2013 has officially arrived and it’s time to give your New Year’s Resolution some thought! Typically the month of January is dedicated to working off holiday weight. For three to four weeks gym parking lots will be filled cars. However, when February 1st rolls around treadmills will be abandoned. Instead, why not make a resolution that will actually last! Make 2013 the year to bond with your kids. Spending quality time with your children is the best thing a parent can do. A great way to accomplish this goal is to establish routines together. Routines provide children with stability and act as anchor points for their days and weeks. Here are five simple ways to introduce routines to your new year!
First Thing’s First:
Start simple. Take a moment to think about which routines you already have and what’s most important to you and your child. Pick one thing and focus on it. It’s important that you remain realistic about what you introduce to your schedule by expanding on the routines you already have. For instance, if your child has difficulty cooperating with bedtime, begin a nightly story time or pajama game that will get him or her ready for bed.
Do not be afraid to make changes if things aren’t working. Make sure to adjust routines to your schedules by taking into account what has already been planned for that day. Children grow and change quite rapidly. What your child liked one day may not be enjoyable the next. Be open to change and remember that what’s truly important is that you’re spending time together.
Downtime is another important thing to consider. Avoid bogging you and your child down with too many planned activities! School is to children what work is to us and just as we need time to relax children do as well.
Take Baby Steps:
Don’t overwhelm yourself with the details. Let the extra steps fall away and focus on the basics! For example, let’s say you’ve decided to prepare dinner for your family every night. Avoid serving elaborate dishes that are costly and time consuming. Instead try recipes that are easy enough for your kids to help with but are still delicious! You might find that between work and other obligations preparing dinner every night is too much. Start small by beginning with two nights a week and work your way up! There’s nothing wrong with frozen dinners as long as they’re eaten together as a family.

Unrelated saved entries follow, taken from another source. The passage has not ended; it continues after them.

(* (a) For every integer $n\ge 2$, $\chi(H_2(n,2))=2^{n-1}$. (b) Let $q\ge 3$ and $n\ge 2$ be integers and let $d$ be an integer with $d>0$ and $d\in\{n-q+2,\ldots,n\}$. Then $\chi(H_q(n,d))=q^{n-d+1}$, and every proper $q^{n-d+1}$-coloring of $H_q(n,d)$ is even.
   Context: $\mathbb{Z}_q=\mathbb{Z}/q\mathbb{Z}$; for $x,y\in\mathbb{Z}_q^n$, $\mathrm{d}(x,y)=|\{i: x_i\neq y_i\}|$ is the Hamming distance. $H_q(n,d)$ is the simple undirected graph with vertex set $\mathbb{Z}_q^n$ in which $x,y$ are adjacent iff $\mathrm{d}(x,y)\ge d$. $\chi$ denotes the chromatic number. A coloring is called even if all its color classes (sets of vertices with the same color) have the same cardinality. *)

From mathcomp Require Import all_boot.
Set Implicit Arguments. Unset Strict Implicit. Unset Printing Implicit Defensive.

Definition word (q n : nat) := {ffun 'I_n -> 'I_q}.

Definition hdist (q n : nat) (x y : word q n) : nat := #|[set i | x i != y i]|.

(* adjacency in H_q(n,d): x,y adjacent iff d(x,y) >= d (simple graph: d>0 excludes loops) *)
Definition hadj (q n d : nat) (x y : word q n) : bool := (d <= hdist x y) && (x != y).

Definition proper_coloring (q n d k : nat) (f : word q n -> 'I_k) : Prop :=
  forall x y : word q n, hadj d x y -> f x <> f y.

Definition chi_is (q n d m : nat) : Prop :=
  (exists f : word q n -> 'I_m, proper_coloring d f) /\
  (forall k, k < m -> forall f : word q n -> 'I_k, ~ proper_coloring d f).

Definition even_coloring (q n k : nat) (f : word q n -> 'I_k) : Prop :=
  forall c1 c2 : 'I_k, #|[set x | f x == c1]| = #|[set x | f x == c2]|.

(* Colouring a word by its first n - d + 1 letters is proper, since two words with the
   same prefix are at distance < d.  Conversely a colour class is a family of words
   pairwise agreeing in at least t = n - d + 1 coordinates.  For q = 2 and d = 2 such a
   class has at most two words, because words at distance 1 have digit sums of different
   parity.  For t < q such a family F has at most q^(n-t) words, by Delsarte's linear
   programming bound: with P_S the projections onto the character spaces of Z_q^n
   (S a set of coordinates) there are weights nu(|S|) >= 0 with nu(0) = q^t such that
   sum_S nu(|S|) P_S agrees with the identity on pairs agreeing in t coordinates, whence
   q^t |F|^2 / q^n = nu(0) 1_F' P_0 1_F <= sum_S nu(|S|) 1_F' P_S 1_F = |F|.
   So at least q^t colours are needed, and with exactly q^t colours every class has
   exactly q^(n-t) elements. *)

From mathcomp Require Import all_boot all_order all_algebra.
From mathcomp Require Import zify ring.
Import GRing.Theory Num.Theory Order.TTheory.

Set Implicit Arguments.
Unset Strict Implicit.
Unset Printing Implicit Defensive.

Definition agree q n (x y : word q n) : {set 'I_n} := [set i | x i == y i].

Lemma card_agree_hdist q n (x y : word q n) : #|agree x y| + hdist x y = n.
Proof.
rewrite /hdist -[RHS](card_ord n) -(cardsC (agree x y)); congr (_ + _).
by apply: eq_card => i; rewrite !inE.
Qed.

Lemma hdist_eq0 q n (x y : word q n) : (hdist x y == 0) = (x == y).
Proof.
rewrite /hdist cards_eq0; apply/eqP/eqP => [/setP eq_xy | ->].
  by apply/ffunP => i; move: (eq_xy i); rewrite !inE => /negbFE/eqP.
by apply/setP => i; rewrite !inE eqxx.
Qed.

Lemma card_word q n : #|word q n| = q ^ n.
Proof. by rewrite card_ffun !card_ord. Qed.

Lemma leq_binS_mul m s : (s <= m)%N -> ('C(m.+1, s) <= s.+1 * 'C(m, s))%N.
Proof.
case: s => [|s] le_sm; first by rewrite !bin0.
by rewrite binS mulSn leq_add2l mul_bin_left leq_pmull // subn_gt0.
Qed.

Local Open Scope ring_scope.

Section BinomialHead.
Variables (R : comPzRingType) (x : R) (s : nat).

Definition binom_head (w : nat) : R := \sum_(k < s.+1) 'C(w, k)%:R * x ^+ k.

Definition binom_tail (w : nat) : R := (1 + x) ^+ w - binom_head w.

Lemma binom_head0 : binom_head 0 = 1.
Proof.
rewrite /binom_head big_ord_recl big1 => [|i _]; first by rewrite bin0 mulr1 addr0.
by rewrite bin0n mul0r.
Qed.

Lemma binom_headS w :
  binom_head w.+1 = (1 + x) * binom_head w - 'C(w, s)%:R * x ^+ s.+1.
Proof.
have headl : binom_head w = 1 + \sum_(k < s) 'C(w, k.+1)%:R * x ^+ k.+1.
  by rewrite /binom_head big_ord_recl /= bin0 expr0 mulr1.
have headr : binom_head w = \sum_(k < s) 'C(w, k)%:R * x ^+ k + 'C(w, s)%:R * x ^+ s.
  by rewrite /binom_head big_ord_recr.
rewrite [LHS]/binom_head big_ord_recl /= bin0 expr0 mulr1.
under eq_bigr => k _ do rewrite /bump /= binS natrD mulrDl.
rewrite big_split /=.
have -> : \sum_(k < s) 'C(w, k)%:R * x ^+ k.+1 = x * (binom_head w - 'C(w, s)%:R * x ^+ s).
  by rewrite headr addrK mulr_sumr; apply: eq_bigr => k _; rewrite exprS; ring.
have -> : \sum_(k < s) 'C(w, k.+1)%:R * x ^+ k.+1 = binom_head w - 1 by rewrite headl; ring.
by rewrite exprS; ring.
Qed.

Lemma binom_tail0 : binom_tail 0 = 0.
Proof. by rewrite /binom_tail binom_head0 subrr. Qed.

Lemma binom_tailS w : binom_tail w.+1 = (1 + x) * binom_tail w + 'C(w, s)%:R * x ^+ s.+1.
Proof. by rewrite /binom_tail binom_headS exprS; ring. Qed.

End BinomialHead.

Section AlternatingTail.
Variables (R : realDomainType) (a : R) (s : nat).
Hypothesis a_ge : s.+2%:R <= a.

Let V w := (-1) ^+ w * binom_tail (- a) s w.

Lemma alt_tailS w : V w.+1 = (a - 1) * V w + (-1) ^+ (w + s) * 'C(w, s)%:R * a ^+ s.+1.
Proof. by rewrite /V binom_tailS exprD !exprS (exprNn a); ring. Qed.

Lemma alt_tail_small w : (w <= s)%N -> V w = 0.
Proof.
elim: w => [|w IH] le_ws; first by rewrite /V binom_tail0 mulr0.
by rewrite alt_tailS IH ?(ltnW le_ws) // bin_small // mulr0n !(mulr0, mul0r) addr0.
Qed.

(* The terms of the recurrence alternate in sign; pairing each negative term with the
   preceding positive one keeps the sum nonnegative because [a - 1 >= s + 1]. *)
Lemma alt_tail_lower u :
  0 <= V (s.+1 + u) /\ (~~ odd u -> 'C(s + u, s)%:R * a ^+ s.+1 <= V (s.+1 + u)).
Proof.
have a1_ge : s.+1%:R <= a - 1 by rewrite lerBrDr natr1.
have a1_ge0 : 0 <= a - 1 by apply: le_trans a1_ge.
have apow_ge0 : 0 <= a ^+ s.+1 by rewrite exprn_ge0 // (le_trans _ a_ge).
elim: u => [|u [V_ge0 V_ge]].
  rewrite !addn0 alt_tailS alt_tail_small // mulr0 add0r binn mulr1 -signr_odd addnn odd_double.
  by rewrite expr0 !mul1r.
have sign_odd : odd (s.+1 + u + s) = ~~ odd u.
  by rewrite !oddD /=; case: (odd s); case: (odd u).
have -> : (s + u.+1 = s.+1 + u)%N by rewrite addnS.
rewrite addnS alt_tailS -signr_odd sign_odd /=.
case: (odd u) V_ge => /= [_ | V_ge].
  rewrite expr0 mul1r; split => [|_]; last by rewrite lerDr mulr_ge0.
  by apply: addr_ge0; apply: mulr_ge0.
rewrite expr1 mulN1r mulNr subr_ge0; split => //.
apply: le_trans (ler_wpM2l a1_ge0 (V_ge isT)).
rewrite mulrA ler_wpM2r //.
apply: le_trans (ler_wpM2r (ler0n _ _) a1_ge).
by rewrite -natrM ler_nat addSn leq_binS_mul // leq_addr.
Qed.

Lemma alt_tail_ge0 w : 0 <= V w.
Proof.
case: (leqP w s) => [le_ws | lt_sw]; first by rewrite alt_tail_small.
by rewrite -(subnKC lt_sw); case: (alt_tail_lower (w - s.+1)).
Qed.

End AlternatingTail.

Lemma sum_delta_mulr (R : pzSemiRingType) (T : finType) (a : T) (F : T -> R) :
  \sum_c (c == a)%:R * F c = F a.
Proof.
under eq_bigr => c _ do rewrite mulr_natl mulrb.
by rewrite -big_mkcond big_pred1_eq.
Qed.

Lemma sum_supersets_prod (R : comPzSemiRingType) (I : finType) (K : {set I}) (a b : I -> R) :
  \sum_(S : {set I} | K \subset S) \prod_i (if i \in S then a i else b i) =
  \prod_i (if i \in K then a i else a i + b i).
Proof.
transitivity (\prod_i (a i + (if i \in K then 0 else b i))).
  rewrite bigA_distr big_mkcond; apply: eq_bigr => S _.
  case: (boolP (K \subset S)) => [/subsetP sub_KS | /subsetPn [i iK iNS]].
    by apply: eq_bigr => i _; case: (boolP (i \in K)) => [/sub_KS -> | _].
  by rewrite (bigD1 i) //= (negbTE iNS) iK mul0r.
by apply: eq_bigr => i _; case: (i \in K); rewrite ?addr0.
Qed.

Lemma prod_if_scale (R : comPzSemiRingType) (I : finType) (S : {set I}) (c : R) (a b : I -> R) :
  \prod_i (if i \in S then c * a i else b i) =
  c ^+ #|S| * \prod_i (if i \in S then a i else b i).
Proof.
transitivity (\prod_i ((if i \in S then c else 1) * (if i \in S then a i else b i))).
  by apply: eq_bigr => i _; case: (i \in S); rewrite ?mul1r.
by rewrite big_split /= -big_mkcond prodr_const.
Qed.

Remember, Your Family is Unique:
Your family has its own unique rhythm so it’s best to begin routines that are relevant to your life. What is right for your family may not be right for another and vice versa. I would also advice against spending too much time on crafting blogs and cites such as Pinterest. I recently read an article by a woman who claimed that Pinterest made her feel inadequate as a mother because she didn’t have time to constantly bake cupcakes or sew her children’s Halloween costumes. I was an M&M for Halloween three years running. I promise you, I still love my mother just the same. Don’t try to keep up with the Joneses because you will undoubtedly set yourself up to fail.

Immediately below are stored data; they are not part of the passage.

Definition prefix_closed {T} (P : (T -> Prop) -> Prop) (l : list T) : Prop :=
  forall i, 1 <= i <= length l -> P (set_of_list (firstn i l)).

Definition chain_to {T} (P : (T -> Prop) -> Prop) (x : T -> Prop) (e : T) (l : list T) :=
  l <> [] /\ last l e = e /\ (forall e', In e' l -> x e') /\ prefix_closed P l.

Lemma prefix_closed_firstn {T} P (l : list T) i :
  prefix_closed P l -> prefix_closed P (firstn i l).
Proof.
  intros Hl j Hj. rewrite length_firstn in Hj. rewrite firstn_firstn.
  replace (Nat.min j i) with j by lia. apply Hl. lia.
Qed.

Lemma prefix_closed_app_l {T} P (l r : list T) :
  prefix_closed P (l ++ r) -> prefix_closed P l.
Proof.
  intros H i Hi. replace (firstn i l) with (firstn i (l ++ r)).
  - apply H. rewrite length_app. lia.
  - rewrite firstn_app. replace (i - length l) with 0 by lia. apply app_nil_r.
Qed.

Lemma prefix_closed_chain_to {T} P (l : list T) e :
  prefix_closed P l -> In e l -> exists l', chain_to P (set_of_list l) e l'.
Proof.
  intros Hl He. destruct (in_split _ _ He) as [l1 [l2 ->]].
  exists (l1 ++ [e]). split; [|split; [|split]].
  - apply not_eq_sym, app_cons_not_nil.
  - apply last_last.
  - intros e' He'. unfold set_of_list. apply in_app_or in He'. apply in_or_app.
    simpl in *. tauto.
  - apply (prefix_closed_app_l _ _ l2). rewrite <- app_assoc. exact Hl.
Qed.

Lemma prefix_closed_omap {X Y : ef} (h : pmap X Y) P Q x l :
  (forall s, subset s x -> P s -> Q (image h s)) -> (forall d, In d l -> x d) ->
  prefix_closed P l -> prefix_closed Q (omap h l).
Proof.
  intros HPQ Hin Hl i Hi. destruct (omap_firstn h l i (proj2 Hi)) as [j [Hj Ej]].
  assert (Hj1 : 1 <= j).
  { destruct j; [|lia]. apply (f_equal (@length _)) in Ej.
    rewrite length_firstn in Ej. simpl in Ej. lia. }
  rewrite Ej, set_of_list_omap. apply HPQ.
  - intros d Hd. apply Hin, (in_firstn d j), Hd.
  - apply Hl. lia.
Qed.

Lemma chain_to_omap {X Y : ef} (h : pmap X Y) P Q x d e l :
  (forall s, subset s x -> P s -> Q (image h s)) -> h d = Some e ->
  chain_to P x d l -> chain_to Q (image h x) e (omap h l).
Proof.
  intros HPQ He [Hne [Hlast [Hin Hl]]].
  assert (Hpc : prefix_closed Q (omap h l)) by exact (prefix_closed_omap h P Q x l HPQ Hin Hl).
  assert (Himg : forall e', In e' (omap h l) -> image h x e').
  { intros e' He'. apply in_omap in He'. destruct He' as [d' [Hd' E]]. exists d'; auto. }
  destruct (exists_last Hne) as [l0 [d0 ->]]. rewrite last_last in Hlast. subst d0.
  rewrite omap_app in *. simpl in *. rewrite He in *.
  split; [apply not_eq_sym, app_cons_not_nil | split; [apply last_last | split]]; assumption.
Qed.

Planning ahead ensures that you will actually accomplish your goal. If you are planning a craft day with your kids, decide what you are making and purchase all necessary items ahead of time. This leads to spending more quality time with your kids and less time running around a crowded craft store. Making sure that routines are carried out is half of the routine itself. Telling your children you’re going to do something and actually sticking to it builds a foundation of trust. Being organized and staying one step ahead of the game is the best way to do it!

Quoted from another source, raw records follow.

Lemma cpoly_eval_cterm_mul d u t s :
  cpoly_eval d u (cterm_mul t s) = cterm_eval d u t * cterm_eval d u s.
Proof.
unfold cterm_mul; cbn [cpoly_eval]; unfold cterm_eval; cbn [fst snd].
rewrite dotR_addl, dotR_subl.
set (A := 2 * PI * dotR d (snd t) u). set (B := 2 * PI * dotR d (snd s) u).
replace (2 * PI * (dotR d (snd t) u + dotR d (snd s) u)) with (A + B) by (unfold A, B; ring).
replace (2 * PI * (dotR d (snd t) u - dotR d (snd s) u)) with (A - B) by (unfold A, B; ring).
rewrite cos_plus, cos_minus. field.
Qed.

Lemma cpoly_eval_mul_cterm d u t Q :
  cpoly_eval d u (flat_map (cterm_mul t) Q) = cterm_eval d u t * cpoly_eval d u Q.
Proof.
induction Q as [|s Q IH]; [simpl; ring|]. cbn [flat_map].
rewrite cpoly_eval_app, cpoly_eval_cterm_mul, IH. cbn [cpoly_eval]. ring.
Qed.

Lemma cpoly_eval_mul d u P Q : cpoly_eval d u (cpoly_mul P Q) = cpoly_eval d u P * cpoly_eval d u Q.
Proof.
induction P as [|t P IH]; [simpl; ring|]. unfold cpoly_mul in *. cbn [flat_map].
rewrite cpoly_eval_app, cpoly_eval_mul_cterm, IH. cbn [cpoly_eval]. ring.
Qed.

Lemma nonneg_coefs_mul P Q : nonneg_coefs P -> nonneg_coefs Q -> nonneg_coefs (cpoly_mul P Q).
Proof.
intros HP HQ. unfold nonneg_coefs, cpoly_mul in *.
apply Forall_flat_map. eapply Forall_impl; [|exact HP]. intros t Ht.
apply Forall_flat_map. eapply Forall_impl; [|exact HQ]. intros s Hs.
assert (0 <= fst t * fst s / 2) by (unfold Rdiv; repeat apply Rmult_le_pos; lra).
unfold cterm_mul. constructor; [exact H|]. constructor; [exact H|]. constructor.
Qed.

Lemma const_coef_cterm_mul d t s : 0 <= fst t -> 0 <= fst s ->
  cterm_const d t * cterm_const d s <= const_coef d (cterm_mul t s).
Proof.
intros Ht Hs. unfold cterm_mul; cbn [const_coef]. unfold cterm_const; cbn [fst snd].
assert (0 <= fst t * fst s / 2) by (unfold Rdiv; repeat apply Rmult_le_pos; lra).
destruct (is_null d (snd t)) eqn:E1; destruct (is_null d (snd s)) eqn:E2;
  try (repeat match goal with |- context [if ?b then _ else _] => destruct b end; nra).
rewrite is_null_spec in E1, E2.
rewrite !(proj2 (is_null_spec _ _)) by (intros l Hl; rewrite E1, E2 by auto; reflexivity).
lra.
Qed.

(* The products of terms with nonzero frequency only contribute nonnegative coefficients. *)
Lemma const_coef_mul d P Q : nonneg_coefs P -> nonneg_coefs Q ->
  const_coef d P * const_coef d Q <= const_coef d (cpoly_mul P Q).
Proof.
intros HP HQ; induction HP as [|t P Ht HP IH]; [simpl; lra|].
unfold cpoly_mul in *. cbn [flat_map const_coef]. rewrite const_coef_app.
enough (cterm_const d t * const_coef d Q <= const_coef d (flat_map (cterm_mul t) Q)) by lra.
clear IH. induction HQ as [|s Q Hs HQ IHQ]; [simpl; lra|].
cbn [flat_map const_coef]. rewrite const_coef_app.
pose proof (const_coef_cterm_mul d t s Ht Hs). lra.
Qed.

(* [peak v = cos (PI v) ^ 2]: it equals [1] exactly at the integers. *)
Definition peak (v : R) : R := (1 + cos (2 * PI * v)) / 2.

Definition cpoly_one : cpoly := (1, fun _ => 0%Z) :: nil.

Definition peak_cpoly (i : nat) : cpoly := (1/2, fun _ => 0%Z) :: (1/2, unit_vec i) :: nil.

Fixpoint peak_pow_cpoly (i M : nat) : cpoly :=
  match M with O => cpoly_one | S M' => cpoly_mul (peak_cpoly i) (peak_pow_cpoly i M') end.

Fixpoint kernel (M k : nat) : cpoly :=
  match k with O => cpoly_one | S k' => cpoly_mul (peak_pow_cpoly k' M) (kernel M k') end.

Fixpoint peak_prod (M k : nat) (u : nat -> R) : R :=
  match k with O => 1 | S k' => peak (u k') ^ M * peak_prod M k' u end.

Lemma cpoly_eval_one d u : cpoly_eval d u cpoly_one = 1.
Proof.
unfold cpoly_one; cbn [cpoly_eval]. unfold cterm_eval; cbn [fst snd].
rewrite dotR_null, Rmult_0_r, cos_0 by reflexivity. ring.
Qed.

Lemma cpoly_eval_peak_pow d u i M : (i < d)%nat ->
  cpoly_eval d u (peak_pow_cpoly i M) = peak (u i) ^ M.
Proof.
intros Hi. induction M; cbn [peak_pow_cpoly pow]; [apply cpoly_eval_one|].
rewrite cpoly_eval_mul, IHM. f_equal.
unfold peak_cpoly; cbn [cpoly_eval]. unfold cterm_eval, peak; cbn [fst snd].
rewrite dotR_null, dotR_unit_vec, Rmult_0_r, cos_0 by auto. field.
Qed.

Lemma cpoly_eval_kernel d u M k : (k <= d)%nat -> cpoly_eval d u (kernel M k) = peak_prod M k u.
Proof.
intros Hk. induction k; cbn [kernel peak_prod]; [apply cpoly_eval_one|].
rewrite cpoly_eval_mul, cpoly_eval_peak_pow, IHk by lia. reflexivity.
Qed.

Lemma nonneg_coefs_one : nonneg_coefs cpoly_one.
Proof. repeat constructor; simpl; lra. Qed.

Lemma nonneg_coefs_peak_pow i M : nonneg_coefs (peak_pow_cpoly i M).
Proof.
induction M; cbn [peak_pow_cpoly]; [apply nonneg_coefs_one|].
apply nonneg_coefs_mul; auto. repeat constructor; simpl; lra.
Qed.

Lemma nonneg_coefs_kernel M k : nonneg_coefs (kernel M k).
Proof.
induction k; cbn [kernel]; [apply nonneg_coefs_one|].
apply nonneg_coefs_mul; auto. apply nonneg_coefs_peak_pow.
Qed.

Lemma peak_bounds v : 0 <= peak v <= 1.
Proof. unfold peak. pose proof (COS_bound (2 * PI * v)). lra. Qed.

Lemma peak_pow_bounds v M : 0 <= peak v ^ M <= 1.
Proof.
pose proof (peak_bounds v). split; [apply pow_le | apply pow_le_1]; lra.
Qed.

Lemma peak_prod_bounds M k u : 0 <= peak_prod M k u <= 1.
Proof.
induction k; simpl; [lra|]. pose proof (peak_pow_bounds (u k) M).
split; [apply Rmult_le_pos|]; nra.
Qed.

Lemma peak_prod_le M k u i rho : (i < k)%nat -> 0 <= rho -> peak (u i) <= rho ->
  peak_prod M k u <= rho ^ M.
Proof.
intros Hi Hr Hpeak. induction k; [lia|]. simpl.
pose proof (peak_prod_bounds M k u). pose proof (peak_pow_bounds (u k) M).
assert (0 <= rho ^ M) by (apply pow_le; lra).
destruct (Nat.eq_dec i k) as [->|Hne].
- assert (peak (u k) ^ M <= rho ^ M) by (apply pow_incr; pose proof (peak_bounds (u k)); lra). nra.
- assert (peak_prod M k u <= rho ^ M) by (apply IHk; lia). nra.
Qed.

Definition supported_on (i M : nat) (t : cterm) : Prop :=
  (forall l, l <> i -> snd t l = 0%Z) /\ (Z.abs (snd t i) <= Z.of_nat M)%Z.

Lemma supported_on_mul i a b P Q : Forall (supported_on i a) P -> Forall (supported_on i b) Q ->
  Forall (supported_on i (a + b)) (cpoly_mul P Q).
Proof.
intros HP HQ. apply Forall_flat_map. eapply Forall_impl; [|exact HP]. intros t [Ht1 Ht2].
apply Forall_flat_map. eapply Forall_impl; [|exact HQ]. intros s [Hs1 Hs2].
unfold cterm_mul. repeat constructor; cbn; try lia;
  intros l Hl; rewrite Ht1, Hs1 by auto; reflexivity.
Qed.

Lemma supported_on_peak_pow i M : Forall (supported_on i M) (peak_pow_cpoly i M).
Proof.
induction M; cbn [peak_pow_cpoly].
- repeat constructor; cbn; lia.
- replace (S M) with (1 + M)%nat by lia. apply supported_on_mul; auto.
  unfold peak_cpoly, unit_vec. repeat constructor; cbn; try lia.
  + intros l Hl. now rewrite (proj2 (Nat.eqb_neq l i)).
  + rewrite Nat.eqb_refl. lia.
Qed.

(* Averaging over the grid [r / Q] (r < Q) along the i-th axis kills every frequency
   [0 < |h_i| < Q]. *)
Definition grid_point (i Q r : nat) : nat -> R := fun l => if Nat.eqb l i then INR r / INR Q else 0.

Lemma grid_sum_cterm d i M t : supported_on i M t -> (i < d)%nat ->
  sumR (S M) (fun r => cterm_eval d (grid_point i (S M) r) t) = INR (S M) * cterm_const d t.
Proof.
intros [Ht1 Ht2] Hi. unfold cterm_eval, cterm_const.
rewrite (sumR_ext (S M) _ (fun r => fst t * cos (2 * PI * (IZR (snd t i) * (INR r / INR (S M)))))).
2:{ intros r _. rewrite (dotR_supported d i) by auto. unfold grid_point. now rewrite Nat.eqb_refl. }
rewrite sumR_scal. destruct (Z.eq_dec (snd t i) 0) as [E|E].
- rewrite (proj2 (is_null_spec _ _)).
  2:{ intros l _. destruct (Nat.eq_dec l i) as [->|]; auto. }
  rewrite E, (sumR_ext _ _ (fun _ => 1)), sumR_const; [ring|].
  intros r _. now rewrite Rmult_0_l, Rmult_0_r, cos_0.
- rewrite sum_cos_roots_of_unity by (auto; lia).
  destruct (is_null d (snd t)) eqn:N; [|ring].
  exfalso. apply E. now apply is_null_spec with d.
Qed.

Lemma grid_sum_cpoly d i M P : Forall (supported_on i M) P -> (i < d)%nat ->
  sumR (S M) (fun r => cpoly_eval d (grid_point i (S M) r) P) = INR (S M) * const_coef d P.
Proof.
intros HP Hi. induction HP as [|t P Ht HP IH].
- simpl. rewrite sumR_const. ring.
- cbn [cpoly_eval const_coef]. rewrite sumR_add, IH, grid_sum_cterm by auto. ring.
Qed.

(* The grid average of [peak ^ M] is at least its value [1] at the grid point [0], divided by
   the number [M + 1] of grid points. *)
Lemma const_coef_peak_pow d i M : (i < d)%nat -> / INR (S M) <= const_coef d (peak_pow_cpoly i M).
Proof.
intros Hi.
assert (HM : 0 < INR (S M)) by (apply lt_0_INR; lia).
assert (H1 : 1 <= sumR (S M) (fun r => cpoly_eval d (grid_point i (S M) r) (peak_pow_cpoly i M))).
{ eapply Rle_trans; [|apply sumR_ge_head].
  - rewrite cpoly_eval_peak_pow by auto. unfold grid_point, peak. rewrite Nat.eqb_refl.
    replace (2 * PI * (INR 0 / INR (S M))) with 0 by (change (INR 0) with 0; unfold Rdiv; ring).
    rewrite cos_0. replace ((1 + 1) / 2) with 1 by field. rewrite pow1. lra.
  - intros r. rewrite cpoly_eval_peak_pow by auto. apply peak_pow_bounds. }
rewrite (grid_sum_cpoly d i M _ (supported_on_peak_pow i M) Hi) in H1.
apply (Rmult_le_reg_l (INR (S M))); auto. rewrite Rinv_r; lra.
Qed.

As I’ve previously stated, each family is unique and it’s important to base routines off of what works for all of you. We are living in a fast paced society which means that more than ever it’s important to get into the habit of spending quality time with your kids. Routines, however trivial they may seem, builds safety, consistency, and trust for your child. Start this year off right by doing something good for the ones who love you the most!